ルネサス テクノロジは10月22日、同社の次世代マイコン「RXファミリ」の第2弾製品として、ビル管理(空調・照明・入退室管理)、FA機器などの産業機器や、OA(POS周辺)機器などにおいて、通信機能を必要とする用途向けに、通信機能を強化した32ビットフラッシュメモリ内蔵マイコン「RX62Nグループ」「RX621グループ」7品種/31型名を製品化したことを発表した。2010年1月から順次サンプル出荷を開始、サンプル価格は410円からとしている。
RXファミリは同社の次世代CPUコア「RX」を搭載したマイコンであり、2009年3月に第1弾製品が製品化されている。
"RX62Nグループ"および"RX621グループ"は、32ビットの「RX600シリーズ」の性能に加え、イーサネットコントローラ、USB 2.0およびCANなどを搭載しており、多様な通信機能が要求されるビル管理、FA機器などの産業機器間の通信や、OA機器間の通信I/F用途での高性能、高機能と小型化を両立可能な製品。
イーサネットコントローラには、32ビットRISCマイコン「SuperHファミリ」で用いられてきたイーサネットMACを採用。IEEE802.3u規格のMII(Media Independent Interface)、RMII(Reduced Media Independent Interface)に対応し、10M/100MbpsのイーサネットLANへ接続することができる。
また、USB 2.0は、同社の従来マイコン「H8Sファミリ」「H8SXファミリ」および「M16Cファミリ」などのUSBファンクションを搭載した製品と比べてデータ転送タイプの追加、多エンドポイント化などの機能強化や、従来のCISCマイコンでは非対応であったホスト機能の追加が図られている。

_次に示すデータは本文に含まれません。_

(* Let $J$ be a non-degenerate interval and $f_{1,\infty}$ a commutative $m$-periodic sequence of continuous surjective self-maps of $J$. If $(J,f_{1,\infty})$ is weakly mixing, then $(J,f_{1,\infty})$ is Devaney chaotic.
   Context: Commutative: $f_i\circ f_j=f_j\circ f_i$ for all $i,j$. $m$-periodic: $f_{n+m}=f_n$ for all $n$. Write $f_1^n=f_n\circ\cdots\circ f_1$. Weakly mixing: for all non-empty open $U_1,U_2,V_1,V_2$ there is $n$ with $f_1^n(U_i)\cap V_i\ne\emptyset$, $i=1,2$. Topologically transitive: for all non-empty open $U,V$ some $n$ with $f_1^n(U)\cap V\ne\emptyset$. A point $x$ is periodic if there is $n$ with $f_1^{nk}(x)=x$ for every $k\in\mathbb{N}$. Sensitive: there is $\delta>0$ such that for every $x$ and every neighbourhood $U$ of $x$ there are $y\in U$, $n\in\mathbb{N}$ with $|f_1^n(x)-f_1^n(y)|>\delta$. Devaney chaotic: topologically transitive, dense set of periodic points, and sensitive. *)

From Stdlib Require Import Reals Lra Lia.
Open Scope R_scope.

Definition is_interval (J : R -> Prop) : Prop :=
  forall x y z, J x -> J y -> x <= z <= y -> J z.

Definition nondegenerate_interval (J : R -> Prop) : Prop :=
  is_interval J /\ exists a b, J a /\ J b /\ a < b.

Definition continuous_on (J : R -> Prop) (g : R -> R) : Prop :=
  forall x, J x -> forall eps, 0 < eps ->
    exists delta, 0 < delta /\
      forall y, J y -> Rabs (y - x) < delta -> Rabs (g y - g x) < eps.

Definition cont_surj_self_map (J : R -> Prop) (g : R -> R) : Prop :=
  (forall x, J x -> J (g x)) /\ continuous_on J g /\
  (forall y, J y -> exists x, J x /\ g x = y).

(* The sequence f_{1,oo} is indexed by f 1, f 2, ...; f 0 is unused. *)
Definition commutative_seq (J : R -> Prop) (f : nat -> R -> R) : Prop :=
  forall i j, (1 <= i)%nat -> (1 <= j)%nat ->
    forall x, J x -> f i (f j x) = f j (f i x).

Definition periodic_seq (J : R -> Prop) (f : nat -> R -> R) (m : nat) : Prop :=
  (1 <= m)%nat /\ forall n, (1 <= n)%nat -> forall x, J x -> f (n + m)%nat x = f n x.

(* f_1^n = f_n o ... o f_1 ; f_1^0 = id. *)
Fixpoint comp (f : nat -> R -> R) (n : nat) (x : R) : R :=
  match n with
  | O => x
  | S k => f (S k) (comp f k x)
  end.

Definition open_in (J : R -> Prop) (U : R -> Prop) : Prop :=
  (forall x, U x -> J x) /\
  forall x, U x -> exists eps, 0 < eps /\ forall y, J y -> Rabs (y - x) < eps -> U y.

Definition nonempty_open_in (J U : R -> Prop) : Prop :=
  open_in J U /\ exists x, U x.

Definition hits (f : nat -> R -> R) (n : nat) (U V : R -> Prop) : Prop :=
  exists x, U x /\ V (comp f n x).

Definition weakly_mixing (J : R -> Prop) (f : nat -> R -> R) : Prop :=
  forall U1 U2 V1 V2, nonempty_open_in J U1 -> nonempty_open_in J U2 ->
    nonempty_open_in J V1 -> nonempty_open_in J V2 ->
    exists n, (1 <= n)%nat /\ hits f n U1 V1 /\ hits f n U2 V2.

Definition top_transitive (J : R -> Prop) (f : nat -> R -> R) : Prop :=
  forall U V, nonempty_open_in J U -> nonempty_open_in J V ->
    exists n, (1 <= n)%nat /\ hits f n U V.

Definition periodic_point (J : R -> Prop) (f : nat -> R -> R) (x : R) : Prop :=
  J x /\ exists n, (1 <= n)%nat /\ forall k, (1 <= k)%nat -> comp f (n * k) x = x.

Definition dense_periodic_points (J : R -> Prop) (f : nat -> R -> R) : Prop :=
  forall U, nonempty_open_in J U -> exists x, U x /\ periodic_point J f x.

Definition nbhd_in (J : R -> Prop) (x : R) (U : R -> Prop) : Prop :=
  (forall y, U y -> J y) /\ exists W, open_in J W /\ W x /\ forall y, W y -> U y.

Definition sensitive (J : R -> Prop) (f : nat -> R -> R) : Prop :=
  exists delta, 0 < delta /\
    forall x, J x -> forall U, nbhd_in J x U ->
      exists y n, U y /\ (1 <= n)%nat /\ Rabs (comp f n x - comp f n y) > delta.

Definition devaney_chaotic (J : R -> Prop) (f : nat -> R -> R) : Prop :=
  top_transitive J f /\ dense_periodic_points J f /\ sensitive J f.

(* Transitivity is immediate, and sensitivity holds because weak mixing sends
   every neighbourhood close to two fixed distant points of J at a common time.
   For a periodic point inside an interval p1 < p2 < p3 < p4 of an open set,
   note that by periodicity only m compositions f_N o ... o f_(n+1) are needed
   to extend an iterate f_1^n to the next multiple N of m.  Pick preimages of
   p1 and p4 under each of them in one compact box inside J; weak mixing gives
   points of (p2, p3) sent by f_1^n below and above the box, and the
   intermediate value theorem then gives points of (p2, p3) sent by f_1^N to
   p1 and to p4, hence a fixed point of f_1^N between them.  Since N is a
   multiple of m, f_1^(N k) = (f_1^N)^k, so this point is periodic. *)

From Stdlib Require Import Reals Lra Lia.
Open Scope R_scope.

Ltac case_min_max :=
  unfold Rmin, Rmax in *;
  repeat match goal with
  | |- context [Rle_dec ?a ?b] => destruct (Rle_dec a b)
  | H : context [Rle_dec ?a ?b] |- _ => destruct (Rle_dec a b)
  end.

Lemma is_interval_between (J : R -> Prop) (x y z : R) :
  is_interval J -> J x -> J y -> Rmin x y <= z <= Rmax x y -> J z.
Proof.
  intros HI Jx Jy Hz. case_min_max; [apply (HI x y) | apply (HI y x)]; auto.
Qed.

Lemma Rmin_Rmax_between (a b x y z : R) :
  a < x < b -> a < y < b -> Rmin x y <= z <= Rmax x y -> a < z < b.
Proof. intros; case_min_max; lra. Qed.

Lemma open_in_interval (J : R -> Prop) (lo hi : R) :
  open_in J (fun y => J y /\ lo < y < hi).
Proof.
  split; [now intros y []|].
  intros x [Jx Hx]. exists (Rmin (x - lo) (hi - x)).
  split; [apply Rmin_pos; lra|].
  intros y Jy Hxy. apply Rabs_def2 in Hxy.
  pose proof (Rmin_l (x - lo) (hi - x)). pose proof (Rmin_r (x - lo) (hi - x)).
  split; [exact Jy | lra].
Qed.

Lemma nonempty_open_in_interval (J : R -> Prop) (lo hi x : R) :
  J x -> lo < x < hi -> nonempty_open_in J (fun y => J y /\ lo < y < hi).
Proof. split; [apply open_in_interval | exists x; auto]. Qed.

Lemma continuous_on_id (J : R -> Prop) : continuous_on J (fun x => x).
Proof. intros x _ eps Heps. exists eps; auto. Qed.

Lemma continuous_on_comp (J : R -> Prop) (g h : R -> R) :
  continuous_on J g -> continuous_on J h -> (forall x, J x -> J (h x)) ->
  continuous_on J (fun x => g (h x)).
Proof.
  intros Hg Hh HJ x Jx eps Heps.
  destruct (Hg (h x) (HJ x Jx) eps Heps) as [d1 [Hd1 H1]].
  destruct (Hh x Jx d1 Hd1) as [d2 [Hd2 H2]].
  exists d2; split; [exact Hd2|]. intros y Jy Hy. apply H1; auto.
Qed.

Lemma continuous_on_minus (J : R -> Prop) (g h : R -> R) :
  continuous_on J g -> continuous_on J h -> continuous_on J (fun x => g x - h x).
Proof.
  intros Hg Hh x Jx eps Heps.
  destruct (Hg x Jx (eps / 2)) as [d1 [Hd1 H1]]; [lra|].
  destruct (Hh x Jx (eps / 2)) as [d2 [Hd2 H2]]; [lra|].
  exists (Rmin d1 d2). split; [now apply Rmin_pos|].
  intros y Jy Hy.
  specialize (H1 y Jy (Rlt_le_trans _ _ _ Hy (Rmin_l d1 d2))).
  specialize (H2 y Jy (Rlt_le_trans _ _ _ Hy (Rmin_r d1 d2))).
  replace (g y - h y - (g x - h x)) with ((g y - g x) - (h y - h x)) by ring.
  eapply Rle_lt_trans; [apply Rabs_triang|]. rewrite Rabs_Ropp. lra.
Qed.

Definition clamp (lo hi t : R) : R := Rmax lo (Rmin hi t).

Lemma clamp_between (lo hi t : R) : lo <= hi -> lo <= clamp lo hi t <= hi.
Proof. unfold clamp; intros; case_min_max; lra. Qed.

Lemma clamp_id (lo hi t : R) : lo <= t <= hi -> clamp lo hi t = t.
Proof. unfold clamp; intros; case_min_max; lra. Qed.

Lemma clamp_lipschitz (lo hi t s : R) :
  lo <= hi -> Rabs (clamp lo hi t - clamp lo hi s) <= Rabs (t - s).
Proof.
  intros Hlh. pose proof (Rle_abs (t - s)). pose proof (Rle_abs (- (t - s))).
  rewrite Rabs_Ropp in *. apply Rabs_le. unfold clamp; case_min_max; lra.
Qed.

加えて、176ピン版の製品ではUSBを2チャネル搭載し、それぞれのチャネルは独立に機能設定、動作させることが可能だ。これにより、機器の機能・性能向上や、外付けUSBデバイスの削減によるシステムの小型化、コスト低減が可能となる。
RXは、約1.65MIPS/MHzを実現しており、100MHz時165MIPSを達成。従来の32ビットCISCマイコンと比較し、同一動作周波数時に約2倍の性能向上を実現しており、プログラム処理を高速化することができる。また、コード効率(プログラムメモリ効率)も、従来品比で30%以上向上しており、オブジェクトプログラムのサイズ低減が可能となる。加えて、CPUのコア電流は100MHz動作時に約50mA(typ.)で、1MHzあたりの消費電流としては、従来製品比1/2以下を実現しているほか、4種類の低消費電力モードを用意しており、用途に応じた消費電力モードを組み合わせて使用することが可能だ。
このほか、プログラム格納用として、最大512KBながら100MHzでの1サイクルアクセスが可能な高速フラッシュメモリを内蔵。90nmプロセスと独自技術である「MONOS(Metal Oxide Nitride Oxide Silicon)」型の採用により、従来の32ビットCISCマイコンと比べ約2倍の高速動作を実現しており、高速動作時においてもCPUの性能を最大限に引き出すことが可能だ。
また、電源ダウン時に機器のステータス情報を保持するデータ格納用として、32KBのBGO(Back Ground Operation機能)付データフラッシュメモリも搭載。これは、プログラムの実行中でも、並行してデータの書き込みが可能なため、プログラムの実行速度を落とすことなくデータの書き込みができるのが特長となっている。